Monday, February 11, 2008

Newspapers are dead, long live the news

The reader is less concerned with the future of newspapers than what happens to news itself.

Faced with onslaught with the internet, the newspapers are in a self-flageling deep funk ,what reporters would like to term as a ‘transitional phase’.

Once when they are through this difficult period, having adopted technology on a huge scale and seen off non-working existing brands, the focus will once again be on the quality of the news itself.

1. Focus will be on the next generation newspapers’ connection with their readers.

Veteran technology journalist Dean Takahashi muses,
“All newspapers thought they were in the newspaper business…they overlooked that what they are doing is communicating with people and that's the broader business.”

2. There is a huge elephant sitting in every newsroom, past and future, immortalized by the incomparable “Citizen Kane”: The Owner.

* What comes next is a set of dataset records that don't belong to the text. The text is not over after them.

Lemma Tmat_mul_col n eps phi (f : nat -> R) (i : 'I_n) :
  (Tmat n eps phi *m \col_(k < n) f k) i 0 =
  Tdiag n eps phi i * f i + (i.+1 < n)%:R * f i.+1 + (0 < i)%:R * f i.-1.
Proof.
rewrite mxE (eq_bigr (fun k : 'I_n => ((k : nat) == i)%:R * (Tdiag n eps phi i * f k)
   + ((k : nat) == i.+1)%:R * f k + ((k.+1 : nat) == i)%:R * f k)); last first.
  move=> k _; rewrite !mxE /Tdiag eq_sym.
  have [-> | k_neq_i] := eqVneq (k : nat) i.
    by rewrite (ltn_eqF (ltnSn i)) (gtn_eqF (ltnSn i)) !mul0r !addr0 mul1r.
  rewrite mul0r add0r (eq_sym (k : nat)).
  have [<- | _] /= := eqVneq i.+1 (k : nat).
    by rewrite (gtn_eqF (leqnSn i.+1)) mul0r addr0 mul1r.
  by case: (k.+1 == i :> nat); rewrite ?mul1r ?mul0r ?add0r ?addr0.
rewrite !big_split /= (sum_ord_delta _ _ _ (fun k => Tdiag n eps phi i * f k)).
by rewrite sum_ord_delta sum_ord_delta_pred // ltn_ord mul1r.
Qed.

Lemma Tmat_eigen_rec (p : nat) eps phi (lam : R) (f : nat -> R) :
  eps * f 0%N + f 1%N = lam * f 0%N ->
  (forall m, (m < p)%N -> f m.+2 + f m = lam * f m.+1) ->
  phi * f p.+1 + f p = lam * f p.+1 ->
  Tmat p.+2 eps phi *m (\col_(k < p.+2) f k) = lam *: \col_(k < p.+2) f k.
Proof.
move=> first_row interior last_row.
apply/matrixP => i z; rewrite ord1 Tmat_mul_col !mxE /Tdiag /=.
case: i => [[|m] /= i_lt]; first by rewrite mul1r mul0r addr0.
rewrite mul1r; have [m_eq_p | m_neq_p] := eqVneq m p.
  by rewrite m_eq_p ltnn eqxx mul0r addr0.
have m_lt_p : (m < p)%N by rewrite ltn_neqAle m_neq_p -ltnS.
by rewrite eqSS (negbTE m_neq_p) ltnS ltnS m_lt_p mul0r add0r mul1r interior.
Qed.
Definition rtransl a : {perm gT * 'I_m} := perm (@rtransl_fun_inj a).

Lemma rtranslE a g i : rtransl a (g, i) = (g * a, i).
Proof. by rewrite permE. Qed.

Lemma rtransl_inj : 0 < m -> injective rtransl.
Proof.
move=> m_gt0 a b /(congr1 (fun p : {perm _} => (p (1, Ordinal m_gt0)).1)).
by rewrite !rtranslE !mul1g.
Qed.

Lemma rtranslM : {morph rtransl : a b / a * b}.
Proof. by move=> a b; apply/permP=> -[g i]; rewrite permM !rtranslE mulgA. Qed.

Lemma rtransl_dig_aut a : rtransl a \in dig_aut arc.
Proof.
rewrite inE; apply/'forall_forallP=> -[g i] [h j].
by rewrite !rtranslE /mcay_arc /= invMg mulgA mulgK.
Qed.

Lemma mcay_aut_isog : 0 < m ->
    (forall p, p \in dig_aut arc -> exists a, p = rtransl a) ->
  dig_aut arc \isog [set: gT].
Proof.
move=> m_gt0 aut_rtransl.
have rtranslM_in : {in [set: gT] &, {morph rtransl : a b / a * b}}.
  by move=> a b _ _; apply: rtranslM.
pose f := Morphism rtranslM_in.
have -> : dig_aut arc = f @* [set: gT].
  apply/eqP; rewrite eqEsubset; apply/andP; split; apply/subsetP=> p.
    by move=> /aut_rtransl [a ->]; apply: mem_morphim.
  by case/morphimP=> a _ _ ->; apply: rtransl_dig_aut.
rewrite isog_sym sub_isog //; apply/injmP=> a b _ _; exact: rtransl_inj.
Qed.

Lemma card_mcay_aut_gt p g i :
  p \in dig_aut arc -> (p (g, i)).2 != i -> #|gT| < #|dig_aut arc|.
Proof.
move=> p_aut p_moves; have m_gt0 : 0 < m by apply: leq_ltn_trans (ltn_ord i).
set R := [set rtransl a | a : gT].
have p_notin_R : p \notin R.
  by apply/imsetP=> -[a _ p_a]; rewrite p_a rtranslE eqxx in p_moves.
have sub_aut : p |: R \subset dig_aut arc.
  apply/subsetP=> q; rewrite in_setU1 => /predU1P[-> // | /imsetP[a _ ->]].
  exact: rtransl_dig_aut.
have := subset_leq_card sub_aut.
by rewrite cardsU1 p_notin_R card_imset //; apply: rtransl_inj.
Qed.

End MCayleyDigraph.

Arguments rtransl {gT m} a.

Local Notation o0 := (@Ordinal 3 0 isT).
Local Notation o1 := (@Ordinal 3 1 isT).
Local Notation o2 := (@Ordinal 3 2 isT).

Section TwoElementsThreeLayers.
Local Open Scope group_scope.

Lemma ord3P (i : 'I_3) : [\/ i = o0, i = o1 | i = o2].
Proof.
by case: i => -[|[|[|//]]] ?; [constructor 1 | constructor 2 | constructor 3]; apply: val_inj.
Qed.

Lemma big_ord3 (F : 'I_3 -> nat) : (\sum_j F j = F o0 + F o1 + F o2)%N.
Proof.
by rewrite !big_ord_recl big_ord0 addn0 addnA; congr (F _ + F _ + F _)%N; apply: val_inj.
Qed.

Definition rot3 : {perm 'I_3} := perm (@ordS_inj 3).

Lemma rot3E : [/\ rot3 o0 = o1, rot3 o1 = o2 & rot3 o2 = o0].
Proof. by split; apply: val_inj; rewrite permE. Qed.

Definition layer_cycle (s : {perm 'I_3}) := forall i j, [\/ i = j, j = s i | i = s j].

Lemma layer_cycle_rot3 : layer_cycle rot3.
Proof.
have [r0 r1 r2] := rot3E.
move=> i j; case: (ord3P i) => ->; case: (ord3P j) => ->; rewrite ?r0 ?r1 ?r2;
  by [constructor 1 | constructor 2 | constructor 3].
Qed.

Lemma layer_cycleV s : layer_cycle s -> layer_cycle s^-1.
Proof.
move=> s_cycle i j; case: (s_cycle i j) => [-> | -> | ->]; rewrite ?permK;
  by [constructor 1 | constructor 3 | constructor 2].
Qed.

Variables (gT : finGroupType) (T : 'I_3 -> 'I_3 -> {set gT}).
Hypotheses (card_gT : #|gT| = 2) (T_partite : mpartite T)
  (T_regular : dig_regular (mcay_arc T) 3).

Lemma mcay3_cycle_sizes : exists2 s, layer_cycle s &
  forall i, #|T i (s i)| = 1%N /\ #|T (s i) i| = 2.
Proof.
have row i : (#|T i o0| + #|T i o1| + #|T i o2| = 3)%N.
  by rewrite -(big_ord3 (fun j => #|T i j|)) -(card_mcay_out T 1); case: (T_regular (1, i)).
have col j : (#|T o0 j| + #|T o1 j| + #|T o2 j| = 3)%N.
  by rewrite -(big_ord3 (fun i => #|T i j|)) -(card_mcay_in T 1); case: (T_regular (1, j)).
have le2 i j : #|T i j| <= 2 by rewrite -card_gT max_card.
have diag0 i : #|T i i| = 0%N by rewrite T_partite cards0.
have [r0 r1 r2] := rot3E.
have [rot3_sizes | rot3V_sizes] :
    (#|T o0 o1| = 1 /\ #|T o1 o2| = 1 /\ #|T o2 o0| = 1 /\
     #|T o1 o0| = 2 /\ #|T o2 o1| = 2 /\ #|T o0 o2| = 2)%N \/
    (#|T o0 o1| = 2 /\ #|T o1 o2| = 2 /\ #|T o2 o0| = 2 /\
     #|T o1 o0| = 1 /\ #|T o2 o1| = 1 /\ #|T o0 o2| = 1)%N.
- move: (row o0) (row o1) (row o2) (col o0) (col o1) (col o2).
  move: (le2 o0 o1) (le2 o1 o2) (le2 o2 o0) (le2 o1 o0) (le2 o2 o1) (le2 o0 o2).
  rewrite !diag0; lia.
- exists rot3 => [|i]; first exact: layer_cycle_rot3.
  by case: (ord3P i) => ->; rewrite ?r0 ?r1 ?r2; lia.
- exists rot3^-1 => [|i]; first exact/layer_cycleV/layer_cycle_rot3.
  rewrite -[i](permKV rot3) permK; set k := rot3^-1 i.
  by case: (ord3P k) => ->; rewrite ?r0 ?r1 ?r2; lia.
Qed.
Theorem lemma3p1 :
  exists a b : nat -> R,
    ex_series (fun k => Rabs (a k)) /\
    ex_series (fun k => Rabs (b k)) /\
    exists I : R,
      is_RInt_gen (fun g => Gbar a g / (1 + g ^ 2)) (at_point 0) (Rbar_locally p_infty) I /\
      2 / PI * I = - (351 / 19) /\
      forall g : R, 0 <= g ->
        ex_derive (Gbar a) g /\ ex_derive (Gbar b) g /\
        4 * g * Derive (Gbar a) g + 6 * Gbar a g - 13 * Gbar b g = 0 /\
        4 * g * Derive (Gbar b) g + 9 * Gbar b g
          - 10 / (1 + g ^ 2) * (Gbar a g + g ^ 2 * (2 / PI * I)) = 0.
Proof.
  set (A := - (351 / 19)).
  pose proof (ex_series_Rabs_coef_a A) as Ha. pose proof (ex_series_Rabs_coef_b A) as Hb.
  exists (coef_a A), (coef_b A). split; [exact Ha|]. split; [exact Hb|].
  exists (PI / 2 * Series (fun k => coef_a A k * wallis k)).
  assert (HI : 2 / PI * (PI / 2 * Series (fun k => coef_a A k * wallis k)) = A).
  { rewrite (is_series_unique _ _ (is_series_coef_a_wallis A)). field. apply PI_neq0. }
  split; [exact (is_RInt_gen_Gbar _ Ha)|]. split; [exact HI|].
  intros g _. rewrite HI.
  split; [eexists; exact (is_derive_Gbar _ g Ha)|].
  split; [eexists; exact (is_derive_Gbar _ g Hb)|].
  assert (Hxi : 10 / (1 + g ^ 2) = 10 * (1 - xi g) /\ (1 - xi g) * g ^ 2 = xi g).
  { pose proof (one_plus_sqr_pos g). unfold xi. split; field; lra. }
  rewrite !Gbar_euler, !Gbar_PSeries by assumption.
  pose proof (profile_eq_a A _ (Rabs_xi_lt_1 g)). pose proof (profile_eq_b A _ (Rabs_xi_lt_1 g)).
  split; [lra|].
  rewrite (proj1 Hxi).
  replace (10 * (1 - xi g) * (PSeries (coef_a A) (xi g) + g ^ 2 * A))
    with (10 * (1 - xi g) * PSeries (coef_a A) (xi g) + 10 * ((1 - xi g) * g ^ 2) * A) by ring.
  rewrite (proj2 Hxi). lra.
Qed.
(* Let $V$ be a mixed lattice vector space and $p$ a mixed-monotone seminorm on $V$. Then $q(x)=p(s(x))$ defines a mixed lattice seminorm on $V$. If $p$ is a mixed-monotone norm, then $q$ is a mixed lattice norm.
   Context: A mixed lattice vector space $(V,\le,\preccurlyeq)$ is a real vector space $V$ with two partial orderings $\le$ (initial order) and $\preccurlyeq$ (specific order), each making $V$ a partially ordered vector space, with positive cones $V_p=\{x:0\le x\}$, $V_{sp}=\{x:0\preccurlyeq x\}$, such that: (1) for all $x,y$ the elements $x\curlyvee y=\min\{w: w\succcurlyeq x,\ w\ge y\}$ and $x\curlywedge y=\max\{w: w\preccurlyeq x,\ w\le y\}$ exist (min/max with respect to $\le$); (2) $x\preccurlyeq y$ implies $x\le y$; (3) $x\curlyvee y, x\curlywedge y\in V_{sp}$ whenever $x,y\in V_{sp}$. Notation: $x^u=0\curlyvee x$, $x^l=0\curlyvee(-x)$, $s(x)=x^u+x^l$. A seminorm (norm) $p$ is mixed-monotone if $0\preccurlyeq x\le y$ implies $p(x)\le p(y)$, and is a mixed lattice seminorm (norm) if $s(x)\le s(y)$ implies $p(x)\le p(y)$. *)

From HB Require Import structures.
From mathcomp Require Import all_boot all_order all_algebra.
From mathcomp Require Import reals.
Set Implicit Arguments. Unset Strict Implicit. Unset Printing Implicit Defensive.
Import Order.TTheory GRing.Theory Num.Theory.
Local Open Scope ring_scope.

Section MixedLattice.
Variables (R : realType) (V : lmodType R).

Definition povs (le : V -> V -> Prop) : Prop :=
  [/\ (forall x, le x x),
      (forall x y, le x y -> le y x -> x = y),
      (forall x y z, le x y -> le y z -> le x z),
      (forall x y z, le x y -> le (x + z) (y + z)) &
      (forall (a : R) x y, 0 <= a -> le x y -> le (a *: x) (a *: y))].

(* Mixed lattice vector space (V, le, sle), where [le] is the initial order,
   [sle] the specific order, [msup x y] = x ⋎ y and [minf x y] = x ⋏ y.
   Since min/max w.r.t. le are unique, giving these operations together with
   their characterizing property is equivalent to requiring existence. *)
Definition mixed_lattice_vector_space (le sle : V -> V -> Prop)
  (msup minf : V -> V -> V) : Prop :=
  povs le /\ povs sle /\
      (forall x y, sle x (msup x y) /\ le y (msup x y) /\
         (forall w, sle x w -> le y w -> le (msup x y) w)) /\
      (forall x y, sle (minf x y) x /\ le (minf x y) y /\
         (forall w, sle w x -> le w y -> le w (minf x y))) /\
      (forall x y, sle x y -> le x y) /\
      (forall x y, sle 0 x -> sle 0 y -> sle 0 (msup x y) /\ sle 0 (minf x y)).

Definition upart (msup : V -> V -> V) (x : V) : V := msup 0 x.
Definition lpart (msup : V -> V -> V) (x : V) : V := msup 0 (- x).
Definition sabs (msup : V -> V -> V) (x : V) : V := upart msup x + lpart msup x.

Definition seminorm (p : V -> R) : Prop :=
  (forall x y, p (x + y) <= p x + p y) /\
  (forall (a : R) x, p (a *: x) = `|a| * p x).

Definition is_norm (p : V -> R) : Prop :=
  seminorm p /\ (forall x, p x = 0 -> x = 0).

Definition mixed_monotone (le sle : V -> V -> Prop) (p : V -> R) : Prop :=
  forall x y, sle 0 x -> le x y -> p x <= p y.

Definition mixed_lattice_prop (le : V -> V -> Prop) (msup : V -> V -> V)
  (p : V -> R) : Prop :=
  forall x y, le (sabs msup x) (sabs msup y) -> p x <= p y.

Definition mixed_lattice_seminorm le msup p :=
  seminorm p /\ mixed_lattice_prop le msup p.
Definition mixed_lattice_norm le msup p :=
  is_norm p /\ mixed_lattice_prop le msup p.

End MixedLattice.

From mathcomp Require Import all_boot all_order all_algebra.
From mathcomp Require Import reals.
Set Implicit Arguments. Unset Strict Implicit. Unset Printing Implicit Defensive.
Import Order.TTheory GRing.Theory Num.Theory.
Local Open Scope ring_scope.

(* The map [s] is sublinear and absolutely homogeneous with respect to the
   initial order and takes values in the specific positive cone; a
   mixed-monotone seminorm turns these order inequalities into the seminorm
   axioms for [q = p \o s], while the mixed lattice property of [q] is
   mixed monotonicity of [p] applied to the positive elements [s x].
   Definiteness comes from [s x = 0], which forces [x^u = x^l = 0] because
   both are specifically positive, hence [x <= 0] and [-x <= 0]. *)

Section PartiallyOrderedVectorSpace.
Variables (R : realType) (V : lmodType R) (le : V -> V -> Prop).
Hypothesis leV : povs le.

Lemma povs_leD (a b c d : V) : le a b -> le c d -> le (a + c) (b + d).
Proof.
case: leV => _ _ leT leD _ hab hcd; apply: leT (leD _ _ c hab) _.
by rewrite [b + c]addrC [b + d]addrC; apply: leD.
Qed.

Lemma povs_addr_ge0 (a b : V) : le 0 a -> le 0 b -> le 0 (a + b).
Proof. by move=> ha hb; have := povs_leD ha hb; rewrite addr0. Qed.

Lemma povs_oppr_le0 (a : V) : le 0 a -> le (- a) 0.
Proof. by case: leV => _ _ _ leD _ /(leD _ _ (- a)); rewrite addrN add0r. Qed.

Lemma povs_oppr_ge0 (a : V) : le (- a) 0 -> le 0 a.
Proof. by case: leV => _ _ _ leD _ /(leD _ _ a); rewrite addNr add0r. Qed.

Lemma povs_addr_eq0 (a b : V) : le 0 a -> le 0 b -> a + b = 0 -> a = 0.
Proof.
case: leV => _ leA _ _ _ a_ge0 b_ge0 /eqP; rewrite addr_eq0 => /eqP a_eq.
by apply: leA _ a_ge0; rewrite a_eq; apply: povs_oppr_le0.
Qed.

End PartiallyOrderedVectorSpace.

Section MixedLattice.
Variables (R : realType) (V : lmodType R).
Variables (le sle : V -> V -> Prop) (msup : V -> V -> V).
Hypotheses (leV : povs le) (sleV : povs sle).
Hypothesis msupP : forall x y, sle x (msup x y) /\ le y (msup x y) /\
  (forall w, sle x w -> le y w -> le (msup x y) w).
Hypothesis sle_le : forall x y, sle x y -> le x y.

Lemma upart_sge0 (x : V) : sle 0 (upart msup x).
Proof. exact: (msupP 0 x).1. Qed.

Lemma le_upart (x : V) : le x (upart msup x).
Proof. exact: (msupP 0 x).2.1. Qed.

Lemma upart_le (x w : V) : sle 0 w -> le x w -> le (upart msup x) w.
Proof. exact: (msupP 0 x).2.2. Qed.

Lemma lpartE (x : V) : lpart msup x = upart msup (- x).
Proof. by []. Qed.

Lemma sabs_sge0 (x : V) : sle 0 (sabs msup x).
Proof. exact: (povs_addr_ge0 sleV (upart_sge0 x) (upart_sge0 (- x))). Qed.

Lemma upartD_le (x y : V) :
  le (upart msup (x + y)) (upart msup x + upart msup y).
Proof.
apply: upart_le; first exact: (povs_addr_ge0 sleV (upart_sge0 x) (upart_sge0 y)).
exact: (povs_leD leV (le_upart x) (le_upart y)).
Qed.

Lemma sabsD_le (x y : V) : le (sabs msup (x + y)) (sabs msup x + sabs msup y).
Proof.
rewrite /sabs !lpartE opprD addrACA.
exact: (povs_leD leV (upartD_le x y) (upartD_le (- x) (- y))).
Qed.

Lemma upart0 : upart msup 0 = 0.
Proof.
case: leV => leR leA _ _ _; apply: leA; last exact: sle_le (upart_sge0 0).
by apply: upart_le; [case: sleV | apply: leR].
Qed.

Lemma upartZ (c : R) (x : V) :
  0 <= c -> upart msup (c *: x) = c *: upart msup x.
Proof.
case: leV => _ leA _ _ leZ; case: sleV => _ _ _ _ sZ.
rewrite le_eqVlt => /orP [/eqP <-|c_gt0]; first by rewrite !scale0r upart0.
have sZ0 a y : 0 <= a -> sle 0 y -> sle 0 (a *: y).
  by move=> a_ge0 /(sZ a _ _ a_ge0); rewrite scaler0.
(* The reverse inequality is the forward one for [c^-1] and [c *: x]. *)
have upartZ_le a y : 0 < a -> le (upart msup (a *: y)) (a *: upart msup y).
  move=> a_gt0; apply: upart_le; first exact/sZ0/upart_sge0/ltW.
  exact/leZ/le_upart/ltW.
apply: leA; first exact: upartZ_le.
have c_neq0 : c != 0 by rewrite gt_eqF.
rewrite -[upart msup (c *: x)](scalerKV c_neq0).
apply: leZ; first exact: ltW.
by have := upartZ_le c^-1 (c *: x); rewrite scalerK // invr_gt0; apply.
Qed.

Lemma sabsN (x : V) : sabs msup (- x) = sabs msup x.
Proof. by rewrite /sabs !lpartE opprK addrC. Qed.

Lemma sabsZ (a : R) (x : V) : sabs msup (a *: x) = `|a| *: sabs msup x.
Proof.
have sabsZ_ge0 c y : 0 <= c -> sabs msup (c *: y) = c *: sabs msup y.
  by move=> c_ge0; rewrite /sabs !lpartE -scalerN !upartZ // scalerDr.
have [a_ge0|a_lt0] := leP 0 a; first by rewrite ger0_norm // sabsZ_ge0.
by rewrite ltr0_norm // -sabsZ_ge0 ?oppr_ge0 ?ltW // scaleNr sabsN.
Qed.

Lemma sabs_eq0 (x : V) : sabs msup x = 0 -> x = 0.
Proof.
rewrite /sabs lpartE => ul_eq0.
have u0 := povs_addr_eq0 sleV (upart_sge0 x) (upart_sge0 (- x)) ul_eq0.
have l0 : upart msup (- x) = 0 by move: ul_eq0; rewrite u0 add0r.
case: leV => _ leA _ _ _; apply: leA; first by rewrite -u0; apply: le_upart.
by apply: (povs_oppr_ge0 leV); rewrite -l0; apply: le_upart.
Qed.

Variable p : V -> R.
Hypothesis p_mono : mixed_monotone le sle p.

Lemma mixed_lattice_prop_sabs : mixed_lattice_prop le msup (p \o sabs msup).
Proof. by move=> x y; apply: p_mono; apply: sabs_sge0. Qed.

Lemma seminorm_sabs : seminorm p -> seminorm (p \o sabs msup).
Proof.
case=> pD pZ; split=> [x y|a x] /=; last by rewrite sabsZ pZ normr_id.
exact: le_trans (p_mono (sabs_sge0 _) (sabsD_le x y)) (pD _ _).
Qed.

Lemma is_norm_sabs : is_norm p -> is_norm (p \o sabs msup).
Proof.
case=> p_semi p_def; split; first exact: seminorm_sabs.
by move=> x /p_def /sabs_eq0.
Qed.

End MixedLattice.

Theorem proposition4p5 (R : realType) (V : lmodType R)
  (le sle : V -> V -> Prop) (msup minf : V -> V -> V)
  (HV : mixed_lattice_vector_space le sle msup minf) (p : V -> R) :
  (seminorm p -> mixed_monotone le sle p ->
     mixed_lattice_seminorm le msup (fun x => p (sabs msup x))) /\
  (is_norm p -> mixed_monotone le sle p ->
     mixed_lattice_norm le msup (fun x => p (sabs msup x))).
Proof.
case: HV => leV [sleV [msupP [_ [sle_le _]]]].
split=> [p_semi|p_norm] p_mono; split.
- exact: (seminorm_sabs leV sleV msupP sle_le p_mono p_semi).
- exact: (mixed_lattice_prop_sabs sleV msupP p_mono).
- exact: (is_norm_sabs leV sleV msupP sle_le p_mono p_norm).
- exact: (mixed_lattice_prop_sabs sleV msupP p_mono).
Qed.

Simon Jenkins writes about the myth of “golden age of the press”.
Media Moguls, from Hearst to Murdock have always sought control of the editorial voice and the news has suffered as a result.

In this web 2.0 era, when Digg Mobs rule, blog network owners diss their rivals and companies like Google own a wide variety of online properties, the issue of control will be more intensely fought.

The company that indexes this article may also one day own the wireless spectrum and bandwidth facilities.

The mob versus the big corporation:
if either wins, news loses.

3. The quality problem (or variety, depends on who’s complaining).

- Will we see a news economy dependent on the likes of Britney Spears and celebrity circus to make money?
- Is more investigative journalism, aided by creatively funded Crowd journalism ( going to show the way to better news?

4. The ‘most appropriate’ news business model.

The choice is between non-profit Trusts (BBC, Guradina) versus For-profit Conglomerates (News Corp) or Family-owned outfits (New York Times, Times of India)

Whatever the future, remember guru Jeff Jarvis' words,
“There will be more news and there will be more news reporters”.

Long live the news.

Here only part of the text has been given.